Он бросил взгляд через плечо: на алтарь, где стояла подставка из дерева кейяки, а на ней дремал малый меч в черных лаковых ножнах. Объяснять, что значит этот взгляд, не требовалось.
– Меч, – произнес я, стараясь говорить как можно уверенней. – Могу ли я узнать, кому он принадлежал?
«Вы просили у меня имя, Иссэн-сан? Я принесу вам имя.»
Цугава нахмурился:
– Зачем вам это? Меч имеет какое-то отношение к происходящему?
– Вы обещали отвечать на мои вопросы, – напомнил я.
– Тут нечего отвечать. Этой истории много лет, она вовсе не секрет. Скорее я удивлен, что вам не доводилось слышать о ней. Вы могли задать свой вопрос кому угодно, например, вашему секретарю или архивариусу. Без сомнений, они полностью удовлетворили бы ваше любопытство.
Мне надоело. Сегодня я уже один раз ошибся, когда думал, что он беспокоится о сыне, в то время как Цугава беспокоился о последствиях неподобающего поведения. Кажется, мне самому пора позаботиться о примерной неподобающести моего собственного поведения.

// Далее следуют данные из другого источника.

(* K = C G C^T with G skew-symmetric and invertible of size \rank K. *)
Lemma skew_mxrank_even n (K : 'M[R]_n) : K^T = - K -> ~~ odd (\rank K).
Proof.
move=> Kskew.
set C := col_base K; set D := row_base K.
have CTfree : row_free C^T by rewrite /row_free mxrank_tr; exact: col_base_full.
have sDCT : (D <= C^T)%MS.
  have : ((C *m D)^T <= C^T)%MS by rewrite trmx_mul submxMl.
  by rewrite mulmx_base Kskew eqmx_opp; apply: submx_trans; rewrite eq_row_base.
set G := D *m pinvmx C^T.
have CGC : C *m G *m C^T = K by rewrite -mulmxA mulmxKpV // mulmx_base.
clearbody C G.
have cancelC X Y : C *m X *m C^T = C *m Y *m C^T -> X = Y.
  move/(row_free_inj CTfree)/(congr1 trmx); rewrite !trmx_mul.
  by move=> e; apply: trmx_inj; exact: (row_free_inj CTfree e).
have Gskew : G^T = - G.
  apply: cancelC; rewrite -[C in LHS]trmxK -!trmx_mul trmxK mulmxA CGC Kskew.
  by rewrite mulmxN mulNmx CGC.
apply: skew_unitmx_even Gskew _.
rewrite -row_free_unit; apply/eqP/anti_leq; rewrite rank_leq_row /=.
have := mxrankM_maxl (C *m G) C^T; rewrite CGC => /leq_trans; apply.
exact: mxrankM_maxr.
Qed.

End SkewSymmetric.

Section HornerMx.

Variable R : comNzRingType.
(* For all positive integers $b_1,\dots,b_s$ and $\gamma$, the series $\widetilde H_{b_1,\dots,b_s}(z)$, with coefficients reduced modulo $3^\gamma$, can be expressed as a linear combination with coefficients in $(\mathbb Z/3^\gamma\mathbb Z)[z,(1+z)^{-1}]$ of the series $1$ and of finitely many series $\widetilde H_{a_1,\dots,a_r}(z)$ ($r\ge1$) in which none of the $a_i$ is divisible by $3$.
   Context: For positive integers $a_1,\dots,a_r$, $$\widetilde H_{a_1,\dots,a_r}(z)=\sum_{k_1>\dots>k_r\ge0}\prod_{j=1}^{r}\left(\frac{z^{3^{k_j}}(1+z^{3^{k_j}})}{1+z^{3^{k_j+1}}}\right)^{a_j},$$ a formal power series in $z$ with integer coefficients (rational functions expanded as power series in $z$); $\widetilde H_{\emptyset}=1$. *)

From HB Require Import structures.
From mathcomp Require Import all_boot all_order all_algebra.
Set Implicit Arguments. Unset Strict Implicit. Unset Printing Implicit Defensive.
Import Order.TTheory GRing.Theory Num.Theory.
Local Open Scope ring_scope.

Definition series (R : Type) := nat -> R.

Section Series.
Variable R : nzRingType.

Definition sone : series R := fun n => (n == 0%N)%:R.
Definition sprod (f g : series R) : series R :=
  fun n => \sum_(i < n.+1) f i * g (n - i)%N.
Definition spow (f : series R) (a : nat) : series R := iter a (sprod f) sone.
Definition spoly (p : {poly R}) : series R := fun n => p`_n.
(* the power series expansion of (1+z)^{-1} = sum_n (-1)^n z^n *)
Definition inv1pz : series R := fun n => (-1) ^+ n.
(* the element p(z) * (1+z)^{-m} of R[z,(1+z)^{-1}], as a power series *)
Definition laur (c : {poly R} * nat) : series R :=
  sprod (spoly c.1) (spow inv1pz c.2).
End Series.

Definition red (gamma : nat) (f : series int) : series 'Z_(3 ^ gamma) :=
  fun n => (f n)%:~R.

(* t_k(z) = z^{3^k}(1+z^{3^k}) / (1+z^{3^{k+1}}), expanded as a power series:
   numerator z^{3^k} + z^{2*3^k} times 1/(1+z^{3^{k+1}}) = sum_j (-1)^j z^{j 3^{k+1}} *)
Definition tfac (k : nat) : series int :=
  sprod (fun n => ((n == 3 ^ k)%N + (n == 2 * 3 ^ k)%N)%:R)
        (fun n => if (3 ^ k.+1 %| n)%N then (-1) ^+ (n %/ 3 ^ k.+1) else 0).

(* Gt a K = sum_{K > k_1 > ... > k_r >= 0} prod_j t_{k_j}^{a_j}  (finite sum) *)
Fixpoint Gt (a : seq nat) (K : nat) : series int :=
  match a with
  | [::] => sone int
  | a1 :: a' => fun n => \sum_(k < K) sprod (spow (tfac k) a1) (Gt a' k) n
  end.

(* Htilde a = sum_{k_1 > ... > k_r >= 0} prod_j t_{k_j}^{a_j}.
   As a formal sum: t_k has z-adic valuation 3^k, so all terms with
   k_1 >= n+1 have valuation >= 3^(n+1) > n and do not contribute to the
   coefficient of z^n; hence that coefficient is the one of the partial
   sum over k_1 < n+1. Htilde [::] = 1. *)
Definition Htilde (a : seq nat) : series int := fun n => Gt a n.+1 n.

From HB Require Import structures.
From mathcomp Require Import all_boot all_order all_algebra.
From mathcomp Require Import boolp ring zify.
Set Implicit Arguments. Unset Strict Implicit. Unset Printing Implicit Defensive.
Import GRing.Theory.
Local Open Scope ring_scope.

(* Work over any commutative ring R with 3^gamma = 0.  Power series over R form
   a ring, containing the subring A = R[z, (1+z)^-1] ([laurent]).  Write
   t_k = z^(3^k)(1+z^(3^k))/(1+z^(3^(k+1))), so that H~_b is the formal multiple
   sum  sum_(k_1 > ... > k_r) prod_i t_(k_i)^(b_i)  ([msum] of the monomials
   X^(b_i)).  The key facts are:
   - t_k^3 = t_(k+1) (1 + 3 t_k - 3 t_k^3), hence t_(k+1) = Q(t_k) for an explicit
     polynomial Q, and X^(3c) = Q^c - 3 C_c with C_c divisible by X^(3c);
   - t_0 lies in A, and t_k has z-adic valuation 3^k, so formal multiple sums
     with polynomial slots are well defined and multilinear in the slots.
   Substituting X^(3c) = Q^c - 3 C_c in a slot and reindexing k -> k+1 turns a
   multiple sum with a slot X^(3c) into one with the slot X^c (same length,
   smaller total weight), sums with fewer slots, and 3 times a sum.  An
   induction on (gamma - 3-adic factor, number of slots, total weight), using
   multilinearity to reduce general slots to monomials with coefficients in A,
   shows that every such sum lies in the A-module spanned by 1 and the H~_a with
   no a_i divisible by 3 ([hspan]). *)

Section SeriesRing.
Variable R : comNzRingType.
Implicit Types f g h : series R.

Lemma series_ext f g : (forall n, f n = g n) -> f = g.
Proof. exact: funext. Qed.

Definition sadd f g : series R := fun n => f n + g n.
Definition sopp f : series R := fun n => - f n.
Definition szero : series R := fun=> 0.

Fact saddA : associative sadd.
Proof. by move=> f g h; apply: series_ext => n; rewrite /sadd addrA. Qed.
Fact saddC : commutative sadd.
Proof. by move=> f g; apply: series_ext => n; rewrite /sadd addrC. Qed.
Fact sadd0 : left_id szero sadd.
Proof. by move=> f; apply: series_ext => n; rewrite /sadd add0r. Qed.
Fact saddN : left_inverse szero sopp sadd.
Proof. by move=> f; apply: series_ext => n; rewrite /sadd /sopp addNr. Qed.

HB.instance Definition _ := Choice.copy (series R) (nat -> R).
HB.instance Definition _ := GRing.isZmodule.Build (series R) saddA saddC sadd0 saddN.

(* The coefficients of index <= n of a Cauchy product only involve the
   coefficients of index <= n of the factors, so ring laws of sprod can be
   read off the polynomial truncations  \poly_(i < n.+1) f i. *)
Definition trunc n f : {poly R} := \poly_(i < n.+1) f i.

Lemma coef_trunc n f i : (i <= n)%N -> (trunc n f)`_i = f i.
Proof. by move=> le_in; rewrite coef_poly ltnS le_in. Qed.

Lemma coefM_sprod n f g (p q : {poly R}) :
  (forall i, (i <= n)%N -> p`_i = f i) -> (forall i, (i <= n)%N -> q`_i = g i) ->
  forall k, (k <= n)%N -> (p * q)`_k = sprod f g k.
Proof.
move=> pf qg k le_kn; rewrite coefM /sprod; apply: eq_bigr => i _.
rewrite pf ?qg //; last exact: leq_trans (leq_ord i) le_kn.
exact: leq_trans (leq_subr _ _) le_kn.
Qed.

Fact sprodA : associative (@sprod R).
Proof.
move=> f g h; apply: series_ext => n.
have fg := coefM_sprod (@coef_trunc n f) (@coef_trunc n g).
have gh := coefM_sprod (@coef_trunc n g) (@coef_trunc n h).
rewrite -(coefM_sprod (coef_trunc f) gh) // -(coefM_sprod fg (coef_trunc h)) //.
by rewrite mulrA.
Qed.

Fact sprodC : commutative (@sprod R).
Proof.
move=> f g; apply: series_ext => n.
rewrite -(coefM_sprod (@coef_trunc n f) (@coef_trunc n g)) //.
by rewrite -(coefM_sprod (@coef_trunc n g) (@coef_trunc n f)) // mulrC.
Qed.

Fact sprod1 : left_id (sone R) (@sprod R).
Proof.
move=> f; apply: series_ext => n.
have one_trunc i : (i <= n)%N -> (1 : {poly R})`_i = sone R i.
  by rewrite coefC /sone; case: i.
by rewrite -(coefM_sprod one_trunc (@coef_trunc n f)) // mul1r coef_trunc.
Qed.

Fact sprodDl : left_distributive (@sprod R) sadd.
Proof.
move=> f g h; apply: series_ext => n; rewrite /sprod /sadd -big_split /=.
by apply: eq_bigr => i _; rewrite mulrDl.
Qed.

Fact sone_neq0 : sone R != szero.
Proof. by apply/eqP => /(congr1 (fun f => f 0%N)) /eqP; rewrite oner_eq0. Qed.

HB.instance Definition _ :=
  GRing.Zmodule_isComNzRing.Build (series R) sprodA sprodC sprod1 sprodDl sone_neq0.

Lemma sprodE f g : sprod f g = f * g. Proof. by []. Qed.
Lemma soneE : sone R = 1. Proof. by []. Qed.
Lemma saddE f g n : (f + g) n = f n + g n. Proof. by []. Qed.
Lemma ssubE f g n : (f - g) n = f n - g n. Proof. by []. Qed.

Lemma ssumE (I : Type) (r : seq I) (P : pred I) (F : I -> series R) n :
  (\sum_(i <- r | P i) F i) n = \sum_(i <- r | P i) F i n.
Proof. by elim/big_rec2: _ => // i a b _ <-. Qed.

Lemma spowE f a : spow f a = f ^+ a.
Proof. by elim: a => [|a IH] //=; rewrite exprS -IH. Qed.

Fact spoly_is_zmod_morphism : zmod_morphism (@spoly R).
Proof. by move=> p q; apply: series_ext => n; rewrite ssubE /spoly coefB. Qed.

Fact spoly_is_monoid_morphism : monoid_morphism (@spoly R).
Proof.
split; last by move=> p q; apply: series_ext => n; rewrite /spoly coefM.
by apply: series_ext => n; rewrite /spoly coefC -soneE /sone; case: n.
Qed.

HB.instance Definition _ := GRing.isZmodMorphism.Build _ _ (@spoly R)
  spoly_is_zmod_morphism.
HB.instance Definition _ := GRing.isMonoidMorphism.Build _ _ (@spoly R)
  spoly_is_monoid_morphism.

End SeriesRing.
(* Assume the Setting below. Let $\gamma_1,\dots,\gamma_c\in\mathbb R^d$ be server vectors with fixed vectors $\mathbb E\gamma_1,\dots,\mathbb E\gamma_c$, and suppose that for every $i\in\mathcal H$ there is a probability vector $(p_{i1},\dots,p_{ic})$ with $\mathbb Eg_i=\sum_{z=1}^cp_{iz}\mathbb E\gamma_z$. Let $\hat{\mathcal P}_0$ be an affine subspace containing $\gamma_1,\dots,\gamma_c$, and let $\hat{\mathcal P}$ be any affine subspace with $\ell_t(\hat{\mathcal P})\le\ell_t(\hat{\mathcal P}_0)$. Then $$\ell_t(\hat{\mathcal P})\le\frac{2(n-f)}{|\mathcal H|}\Big(\sum_{i\in\mathcal H}\|g_i-\mathbb Eg_i\|_2^2+\sum_{i\in\mathcal H}\sum_{z=1}^cp_{iz}\|\mathbb E\gamma_z-\gamma_z\|_2^2\Big).$$ Consequently, if $\mathbb E\|g_i-\mathbb Eg_i\|_2^2\le\epsilon^2$ for $i\in\mathcal H$ and $\mathbb E\|\gamma_z-\mathbb E\gamma_z\|_2^2\le\epsilon_s^2$ for all $z$, then $\mathbb E\,\ell_t(\hat{\mathcal P})\le2(n-f)(\epsilon^2+\epsilon_s^2)$.
   Context: Setting: let $n,f,c,d$ be positive integers with $c\ge2$, $d\ge c$, $n-2f\ge1$. The index set $\{1,\dots,n\}$ is partitioned as $\mathcal H\sqcup\mathcal B$ (honest and Byzantine clients) with $|\mathcal B|\le f$. Each client $i$ has a vector $g_i\in\mathbb R^d$; for $i\in\mathcal H$, $\mathbb Eg_i\in\mathbb R^d$ denotes a fixed vector (the expectation of $g_i$), and $\mathbb E\mu=\frac1{|\mathcal H|}\sum_{i\in\mathcal H}\mathbb Eg_i$. A $k$-dimensional affine subspace is $\mathcal P=\{U\lambda+m:\lambda\in\mathbb R^k\}$ with $U\in\mathbb R^{d\times k}$ having orthonormal columns and $m\in\mathbb R^d$; its orthogonal projection is $\Pi_{\mathcal P}(w)=UU^\top(w-m)+m$. The trimmed reconstruction loss of an affine subspace $\mathcal P$ is $\ell_t(\mathcal P)=\min_{S\subseteq\{1,\dots,n\},\,|S|=n-f}\sum_{i\in S}\|g_i-\Pi_{\mathcal P}(g_i)\|_2^2$. (In the algorithm, $\hat{\mathcal P}_0$ is the affine subspace fitted to the server vectors by truncated SVD, and $\hat{\mathcal P}$ results from alternating minimization, which does not increase $\ell_t$.) *)

From HB Require Import structures.
From mathcomp Require Import all_boot all_order all_algebra.
From mathcomp Require Import all_classical all_reals all_analysis.
Set Implicit Arguments. Unset Strict Implicit. Unset Printing Implicit Defensive.
Import Order.TTheory GRing.Theory Num.Theory.
Local Open Scope ring_scope.
Lemma ras_trans_move sigma p A A' : 0 <= sigma <= 1 ->
  (forall i, sigma <= p i <= 1 - sigma) -> ras_move Q g tol A A' ->
  sigma ^+ n <= ras_trans Q g tol p A A'.
Proof.
move=> /andP[s_ge0 s_le1] p_bnd; rewrite /ras_move /symdiff /ras_trans /= => ->.
apply: le_trans (_ : sigma ^+ #|Imset Q g A :|: Amset Q g tol A| <= _).
  by rewrite ler_wiXn2l // -[n in (_ <= n)%N]card_ord max_card.
rewrite -prodr_const; apply: ler_prod => i _; rewrite s_ge0.
by case: ifP => _; have /andP[] := p_bnd i; rewrite // lerBrDr -lerBrDl.
Qed.

End Transition.

Local Open Scope classical_set_scope.
Local Open Scope ring_scope.

Section Survival.
Variables (R : realType) (n : nat) (Q : 'M[R]_n) (g : 'cV[R]_n) (tol sigma : R).
Variable strat : seq {set 'I_n} -> {set 'I_n} -> 'I_n -> R.
Hypotheses (sigma_gt0 : 0 < sigma) (sigma_le : sigma <= 1 / 2).
Hypothesis strat_bnd : forall h A i, sigma <= strat h A i <= 1 - sigma.

Let surv := ras_surv Q g tol strat.
Let delta := sigma ^+ n.

Lemma strat01 h A i : 0 <= strat h A i <= 1.
Proof. by move: sigma_gt0 (strat_bnd h A i) => s_gt0 /andP[lo hi]; apply/andP; split; lra. Qed.

Lemma delta01 : 0 < delta <= 1.
Proof. by move: sigma_gt0 sigma_le => s_gt0 s_le; rewrite exprn_gt0 // exprn_ile1 ?ltW //; lra. Qed.

Lemma ras_surv_stop k h A : ras_stop Q g tol A -> surv k h A = 0.
Proof. by rewrite /surv; case: k => [|k] /= ->. Qed.

Lemma ras_surv_ge0 k h A : 0 <= surv k h A.
Proof.
elim: k h A => [|k IH] h A; rewrite /surv /=; case: ifP => // _.
by apply: sumr_ge0 => A' _; rewrite mulr_ge0 ?ras_trans_ge0 //; exact: strat01.
Qed.

Lemma ras_surv_le1 k h A : surv k h A <= 1.
Proof.
elim: k h A => [|k IH] h A; rewrite /surv /=; case: ifP => // _.
rewrite -(ras_trans_sum1 Q g tol (strat h A) A); apply: ler_sum => A' _.
by rewrite ler_piMr ?ras_trans_ge0 //; exact: strat01.
Qed.

Lemma ras_survS k h A : surv k.+1 h A <= surv k h A.
Proof.
elim: k h A => [|k IH] h A.
  by have := ras_surv_le1 1 h A; rewrite /surv /=; case: ifP.
rewrite /surv /=; case: ifP => // _; apply: ler_sum => A' _.
by rewrite ler_wpM2l ?ras_trans_ge0 ?IH //; exact: strat01.
Qed.

Lemma ras_surv_le k k' h A : (k <= k')%N -> surv k' h A <= surv k h A.
Proof. by move/subnK <-; elim: (k' - k)%N => // d IH; exact: le_trans (ras_survS _ _ _) IH. Qed.

Lemma ras_surv_reach j m M h A : 0 <= M -> (forall h' A', surv m h' A' <= M) ->
  ras_reach Q g tol j A -> surv (j + m) h A <= (1 - delta ^+ j) * M.
Proof.
move=> M_ge0 survM; have [d_gt0 d_le1] := andP delta01.
have cM_ge0 i : 0 <= (1 - delta ^+ i) * M by rewrite mulr_ge0 // subr_ge0 exprn_ile1 // ltW.
elim: j h A => [|j IH] h A /=.
  by rewrite orbF => stop; rewrite ras_surv_stop // expr0 subrr mul0r.
case/orP=> [stop | /existsP[B' /andP[mv reachB']]]; first by rewrite ras_surv_stop.
rewrite addSn /surv /=; case: ifP => // _; rewrite (bigD1 B') //=.
set t := ras_trans Q g tol (strat h A) A.
have t_ge0 A' : 0 <= t A' by apply: ras_trans_ge0; exact: strat01.
have t_sum : t B' + \sum_(A' | A' != B') t A' = 1.
  by rewrite -(ras_trans_sum1 Q g tol (strat h A) A) [RHS](bigD1 B').
have t_lb : delta <= t B'.
  apply: ras_trans_move mv => //; move: sigma_gt0 sigma_le => s_gt0 s_le; apply/andP; split; lra.
have surv_B' : t B' * ras_surv Q g tol strat (j + m) (rcons h A) B'
    <= t B' * ((1 - delta ^+ j) * M).
  by rewrite ler_wpM2l // IH.
have surv_rest : \sum_(A' | A' != B') t A' * ras_surv Q g tol strat (j + m) (rcons h A) A'
    <= (\sum_(A' | A' != B') t A') * M.
  rewrite big_distrl; apply: ler_sum => A' _; rewrite ler_wpM2l //.
  exact: le_trans (ras_surv_le _ _ (leq_addl j m)) (survM _ _).
have dM_ge0 : 0 <= delta ^+ j * M by rewrite mulr_ge0 // exprn_ge0 // ltW.
rewrite exprS; nra.
Qed.

Variable N : nat.
Hypothesis reachN : forall B, ras_reach Q g tol N B.

Lemma ras_surv_geom i h A : surv (i * N) h A <= (1 - delta ^+ N) ^+ i.
Proof.
elim: i h A => [|i IH] h A; first by rewrite mul0n expr0 ras_surv_le1.
rewrite mulSn exprS; apply: ras_surv_reach (reachN A) => //.
by rewrite exprn_ge0 // subr_ge0 exprn_ile1 //; case/andP: delta01 => /ltW.
Qed.

Lemma ras_surv_cvg0 A0 : (fun k => surv k [::] A0) @ \oo --> (0 : R^o).
Proof.
have [d_gt0 d_le1] := andP delta01.
have c_ge0 : 0 <= 1 - delta ^+ N by rewrite subr_ge0 exprn_ile1 // ltW.
have c_lt1 : `|1 - delta ^+ N| < 1 by rewrite ger0_norm // ltrBlDr ltrDl exprn_gt0.
apply/cvgrPdist_le => eps eps_gt0.
have [i0 _ ci0] := (cvgrPdist_le _ _).1 (cvg_expr c_lt1) eps eps_gt0.
exists (i0 * N)%N => // k /= k_ge.
rewrite sub0r normrN ger0_norm ?ras_surv_ge0 //.
apply: le_trans (ras_surv_le _ _ k_ge) (le_trans (ras_surv_geom i0 _ _) _).
by have := ci0 i0 (leqnn i0); rewrite /= sub0r normrN ger0_norm // exprn_ge0.
Qed.

End Survival.

Theorem theorem2p3 (R : realType) (n : nat) (Q : 'M[R]_n) (g : 'cV[R]_n)
  (sigma tol : R) (A0 : {set 'I_n})
  (strat : seq {set 'I_n} -> {set 'I_n} -> 'I_n -> R) :
  Q^T = Q ->
  (forall v : 'cV[R]_n, v != 0 -> 0 < (v^T *m Q *m v) 0 0) ->
  0 < sigma <= 1 / 2 ->
  0 <= tol ->
  (forall h A i, sigma <= strat h A i <= 1 - sigma) ->
  (fun k : nat => ras_surv Q g tol strat k [::] A0) @ \oo --> (0 : R^o).
Proof.
move=> Qsym Qpd /andP[sigma_gt0 sigma_le] tol_ge0 strat_bnd.
have [N reachN] := ras_reach_uniform g Qpd Qsym tol_ge0.
exact (ras_surv_cvg0 sigma_gt0 sigma_le strat_bnd reachN A0).
Qed.
Lemma Ym_exp k :
  Ym ^+ k = monomial_mx (fun i => wpow (k%:Z * ii i) * whalf (- k%:Z ^+ 2)) (zshift (- k%:Z)).
Proof.
elim: k => [|k IHk].
  rewrite expr0 -idmxE -monomial_mx1; apply/matrixP => i j; rewrite !mxE.
  by rewrite /zshift addr0 ordz_ii mul0r (_ : - _ ^+ 2 = 0) // /whalf /wpow !mul0r mulr1.
rewrite exprS -mulmxE IHk Ym_monomial mulmx_monomial; apply/matrixP => i j; rewrite !mxE /=.
rewrite zshiftD wpow_ii_zshift !wpow_whalf -!whalfD (_ : -1 + - k%:Z = - k.+1%:Z); last first.
  by rewrite intS; ring.
by congr (whalf _ * _); rewrite intS; ring.
Qed.

Lemma invmx_Ym_exp k :
  invmx (Ym ^+ k) = monomial_mx (fun i => wpow (- (k%:Z * ii i)) * whalf (- k%:Z ^+ 2)) (zshift k).
Proof.
rewrite Ym_exp; apply: invmx_monomial; last exact: zshiftK.
by move=> i; rewrite wpow_ii_zshift !wpow_whalf -!whalfD (_ : _ + _ = 0) //; ring.
Qed.

Lemma arr2mxE (F : int -> int -> int -> int -> C) alp bet gam del :
  arr2mx N F (mxtens_index (alp, bet)) (mxtens_index (gam, del))
  = F (ii alp) (ii bet) (ii gam) (ii del).
Proof. by rewrite mxE !mxtens_indexK. Qed.

Lemma conj_arr2mx_entry (F : int -> int -> int -> int -> C) (a c : nat) alp bet gam del :
  ((invmx (Ym ^+ a) *t 1%:M) *m (invmx (Zm ^+ c) *t 1%:M) *m arr2mx N F
   *m (Zm ^+ c *t 1%:M) *m (1%:M *t invmx (Zm ^+ a)))
    (mxtens_index (alp, bet)) (mxtens_index (gam, del))
  = wpow (- (a%:Z * ii alp)) * whalf (- a%:Z ^+ 2) * wpow (- c%:Z * (ii alp + a%:Z))
    * F (ii (zshift a alp)) (ii bet) (ii gam) (ii del)
    * (wpow (c%:Z * ii gam) * wpow (- a%:Z * ii del)).
Proof.
rewrite -mulmxA !tensmx_mul !mulmx1 !mul1mx invmx_Ym_exp !invmx_Zm_exp Zm_exp.
rewrite mulmx_monomial -monomial_mx1 !tensmx_monomial mul_monomial_mx.
rewrite [X in _ *m X](eq_monomial_mx _ (@mxtens_index_pair N N)).
rewrite (@mul_mx_monomial _ _ _ _ id id) // !mxE !mxtens_indexK /=.
by rewrite mulr1 wpow_ii_zshift.
Qed.

Section RMatrix.
Variables (g : C -> C) (yr ym yn yrm ymn yrmn : C).
Local Notation Rarr := (Rarr N g yr ym yn yrm ymn yrmn).

Lemma omf_eqmod (x y z : C) n m : (N%:Z %| n - m)%Z -> omf N x y z n = omf N x y z m.
Proof. by rewrite -eqz_mod_dvd => /eqP eq_nm; rewrite /omf eq_nm. Qed.

Lemma Rarr_eqmod x x' bet gam del :
  (N%:Z %| x - x')%Z -> Rarr x bet gam del = Rarr x' bet gam del.
Proof.
move=> dvd_x; rewrite /Rarr /omf2 (whalf_sqr_eqmod dvd_x).
rewrite (@wpow_eqmod (x * del) (x' * del)) -?mulrBl ?dvdz_mulr //.
rewrite (@omf_eqmod _ _ _ (gam - x) (gam - x')) //.
by rewrite (_ : _ - _ = - (x - x')) ?rpredN //; ring.
Qed.

Lemma Rarr_shift x bet gam del a :
  Rarr x (bet - a) (gam - a) del
  = whalf (- (2 * a * (x + del) + a ^+ 2)) * Rarr (x + a) bet gam del.
Proof.
rewrite /Rarr /omf2 (_ : gam - a - x = gam - (x + a)); last by ring.
rewrite (_ : gam - a + del - (bet - a) = gam + del - bet); last by ring.
have exponents : wpow (x * del) * whalf (x ^+ 2)
  = whalf (- (2 * a * (x + del) + a ^+ 2)) * wpow ((x + a) * del) * whalf ((x + a) ^+ 2).
  by rewrite !wpow_whalf -!whalfD; congr whalf; ring.
by ring: exponents.
Qed.

Lemma Rarr_acE (a c : nat) alp bet gam del :
  Rarr_ac N g yr ym yn yrm ymn yrmn a c alp bet gam del
  = (yrm * ymn) ^+ Phalf N * whalf (a%:Z * c%:Z)
    * (wpow (- (a%:Z * alp)) * whalf (- a%:Z ^+ 2) * wpow (- c%:Z * (alp + a%:Z))
       * Rarr (alp + a%:Z) bet gam del * (wpow (c%:Z * gam) * wpow (- a%:Z * del))).
Proof.
rewrite /Rarr_ac Rarr_shift.
have exponents : wpow (c%:Z * (gam - alp)) * whalf (- (a%:Z * c%:Z))
    * whalf (- (2 * a%:Z * (alp + del) + a%:Z ^+ 2))
  = whalf (a%:Z * c%:Z) * wpow (- (a%:Z * alp)) * whalf (- a%:Z ^+ 2)
    * wpow (- c%:Z * (alp + a%:Z)) * wpow (c%:Z * gam) * wpow (- a%:Z * del).
  by rewrite !wpow_whalf -!whalfD; congr whalf; ring.
by ring: exponents.
Qed.

End RMatrix.

End Weyl.

Theorem lemma6p8 (R : realType) (N : nat) (oddN : odd N) (N3 : (3 <= N)%N)
  (rt : R[i] -> R[i]) (rtN : forall u : R[i], rt u ^+ N = u)
  (r : R[i] -> R[i]) (rN : forall x : R[i], r x ^+ N = 1 - x ^+ N)
  (g : R[i] -> R[i])
  (ar yr am ym an yn : R[i])
  (ar0 : ar != 0) (yr0 : yr != 0) (am0 : am != 0) (ym0 : ym != 0)
  (an0 : an != 0) (yn0 : yn != 0)
  (reg : regular_triple N ar yr am ym an yn)
  (a c : 'I_N) :
  let yrm := y_prod N rt ar yr am ym in
  let ymn := y_prod N rt am ym an yn in
  let yrmn := y_prod N rt (a_prod ar am) yrm an yn in
  - (yr * yn) / (yrmn * ym) = r ((yrm * ymn) / (yrmn * ym)) ->
  arr2mx N (Rarr_ac N g yr ym yn yrm ymn yrmn (ii a) (ii c))
  = ((yrm * ymn) ^+ Phalf N * whalf R N (ii a * ii c)) *:
    ((invmx (Ym R N ^+ a) *t (1%:M : 'M[R[i]]_N))
     *m (invmx (Zm R N ^+ c) *t (1%:M : 'M[R[i]]_N))
     *m arr2mx N (Rarr N g yr ym yn yrm ymn yrmn)
     *m (Zm R N ^+ c *t (1%:M : 'M[R[i]]_N))
     *m ((1%:M : 'M[R[i]]_N) *t invmx (Zm R N ^+ a))).
Proof.
(* The identity is formal in the parameters: regularity, the determinations [rt]
   and [r] and the standing convention are not needed. *)
move=> yrm ymn yrmn _.
have N_gt0 : (0 < N)%N by apply: leq_trans N3.
apply/matrixP => k l.
case: (mxtens_indexP k) => alp bet; case: (mxtens_indexP l) => gam del.
rewrite [RHS]mxE (conj_arr2mx_entry N_gt0 oddN) arr2mxE (Rarr_acE N_gt0 oddN).
by rewrite (Rarr_eqmod N_gt0 g yr ym yn yrm ymn yrmn _ _ _ (dvdz_ii_zshift N_gt0 _ _)).
Qed.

– Вероятно, вы правы, – я пожал плечами, принял скучающий вид. Надеюсь, голос мой звучал в достаточной степени холодно. – Но архиваруса здесь нет, а ехать ночью в управу или домой к господину Фудо – дело хлопотное. Я желаю выслушать историю меча от вас, Цугава-сан. Вы же не откажетесь просветить меня, глупца? В противном случае утром я уеду, оставив вас наедине с ударами судьбы. Вернее, я уйду пешком. После всего, что случилось, вряд ли вы соблаговолите подать для меня лошадь. Это так?
Я думал, он швырнет в меня веером. Велит слугам выбросить наглеца за ворота. Я ошибся.
– Хорошо, – кивнул Цугава. – Слушайте.
В те далекие времена, когда будда Амида еще не внял мольбам святого Кэннё, а убийство было дозволено и даже поощряемо, поскольку не влекло за собой немедленного и неотвратимого наказания, юный князь Сакамото возжелал устроить охоту на диких гусей.